What Your GPU Actually Does (and Doesn't Do) in Traditional Editors
In Premiere Pro or DaVinci Resolve, your GPU handles:
- Playback acceleration: Decoding and displaying video on the timeline
- Effects rendering: Lumetri color, transitions, and GPU-accelerated effects
- Export encoding: NVENC hardware encoding (if enabled) during final render
What your GPU does not do in traditional editors:
- Understand your footage: No AI inference — your GPU doesn't analyze what's in your clips
- Make editing decisions: Clip selection, ordering, and timing are 100% manual
- Search your library: Finding specific clips requires manual scrubbing or filename guessing
In other words, you're using maybe 15% of your GPU's capability. The CUDA cores that could run transformer models sit idle while you manually scrub through footage.

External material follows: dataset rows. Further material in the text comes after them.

(* Let $P$ be a finite poset, $\epsilon\in\{1,-1\}$ and $T^\xi$ ($\xi\in S^{(\epsilon)}$) a generator of $\omega^{(\epsilon)}$. Then $$\deg T^\xi\le\max\{q^{(\epsilon)}(x_0,y_0,\ldots,x_t,y_t): y_0,x_1,\ldots,y_{t-1},x_t \text{ is a } q^{(\epsilon)}\text{-reduced sequence satisfying condition N'},\ x_0=-\infty,\ y_t=\infty\}.$$
   Context: $P^\pm=P\cup\{-\infty,\infty\}$, $-\infty<z<\infty$ for $z\in P$; $P^-=P\cup\{-\infty\}$; $\xi^+(B)=\sum_{b\in B}\xi(b)$. Saturated chain: $x=z_0\lessdot\cdots\lessdot z_t=y$, length $t$. $q^{(\epsilon)}\mathrm{dist}(x,y)=\max\{\epsilon t:$ saturated chain of length $t$ from $x$ to $y$ in $P^\pm\}$. For $w_0<z_0>w_1<\cdots>w_s<z_s$ in $P^\pm$, $q^{(\epsilon)}(w_0,z_0,\ldots,w_s,z_s)=\sum_{\ell=0}^s q^{(\epsilon)}\mathrm{dist}(w_\ell,z_\ell)-\sum_{\ell=0}^{s-1}q^{(\epsilon)}\mathrm{dist}(w_{\ell+1},z_\ell)$. Condition N': $y_0>x_1<y_1>\cdots<y_{t-1}>x_t$ in $P$ and $y_i\not>x_j$ whenever $i\le j-2$ (empty sequence allowed, giving value $q^{(\epsilon)}\mathrm{dist}(-\infty,\infty)$). $q^{(\epsilon)}$-reduced: with $x_0=-\infty,y_t=\infty$, $q^{(\epsilon)}\mathrm{dist}(x_i,y_j)<q^{(\epsilon)}(x_i,y_i,\ldots,x_j,y_j)$ whenever $0\le i<j\le t$ and $x_i<y_j$. $S^{(m)}=\{\xi\in\mathbb Z^{P^-}:\xi(x)\ge m\ \forall x\in P,\ \xi(-\infty)\ge\xi^+(C)+m$ for all maximal chains $C\}$. $R=\mathbb K[\mathcal C(P)]=\bigoplus_{S^{(0)}}\mathbb KT^\xi$ (Ehrhart ring of the chain polytope; $T^\xi=\prod T_x^{\xi(x)}$, $\deg T^\xi=\xi(-\infty)$), $\omega^{(1)}=\omega=\bigoplus_{S^{(1)}}\mathbb KT^\xi$ canonical ideal, $\omega^{(-1)}=R:\omega=\bigoplus_{S^{(-1)}}\mathbb KT^\xi$. A generator of $\omega^{(\epsilon)}$ is a monomial $T^\xi$, $\xi\in S^{(\epsilon)}$, not of the form $T^{\xi_1}T^{\xi_2}$ with $\xi_1\in S^{(0)}$, $\xi_1(-\infty)>0$, $\xi_2\in S^{(\epsilon)}$. *)

From HB Require Import structures.
From mathcomp Require Import all_boot all_order all_algebra.
Set Implicit Arguments. Unset Strict Implicit. Unset Printing Implicit Defensive.
Import Order.TTheory GRing.Theory Num.Theory.

Section Ext.
Context {disp : Order.disp_t} (P : finPOrderType disp).

Inductive ext := NegInf | Elt of P | PosInf.

Definition ext_to (a : ext) : option (option P) :=
  match a with NegInf => None | Elt x => Some (Some x) | PosInf => Some None end.
Definition ext_of (o : option (option P)) : ext :=
  match o with None => NegInf | Some (Some x) => Elt x | Some None => PosInf end.
Lemma ext_toK : cancel ext_to ext_of. Proof. by case. Qed.

HB.instance Definition _ := Finite.copy ext (can_type ext_toK).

What Cloud AI Services Are Selling You
When you use RunwayML, Descript, or CapCut's AI features, here's what's actually happening:
- Your footage is uploaded to their servers
- Their GPUs (identical to yours) run AI inference on your footage
- They charge you $0.05–$0.50 per minute of processed video
- Results are sent back over the network
You're paying a monthly fee for remote access to the same CUDA architecture sitting under your desk. The only difference is the software layer.
The Shortcut: Full GPU Utilization with Onset Engine
Onset Engine is built ground-up for local GPU execution. Here's what each component of your GPU actually does:
- CUDA cores → AI inference: OpenCLIP ViT-L/14 runs on your CUDA cores via PyTorch. Every clip gets a 768-dimensional semantic embedding. Your GPU understands your footage
- NVENC encoder → hardware rendering: Final video output is encoded by NVIDIA's dedicated hardware encoder — not the CPU. A 3-minute 4K video renders in ~90 seconds
- VRAM → model hosting: The CLIP model loads once into VRAM (~2GB) and stays resident. Inference runs at GPU memory bandwidth, not disk speed
- Tensor cores → mixed precision: FP16 inference on RTX tensor cores doubles throughput on supported cards
GPU utilization during an Onset Engine ingest: 60–85% GPU, which is what that hardware was designed for. Cloud AI charges you $0.50/min for this. Onset Engine does it for $0/min after a one-time $119 purchase.
Hardware Requirements
- Minimum: NVIDIA GTX 1060 6GB (CUDA 6.1) — functional but slow
- Recommended: NVIDIA RTX 3060 12GB — fast inference, hardware NVENC
- Optimal: NVIDIA RTX 4070+ 12GB — tensor core acceleration, fastest NVENC gen
More VRAM = faster inference. More CUDA cores = faster batch processing. But even a mid-range card runs the full pipeline — the same pipeline that cloud services charge monthly for.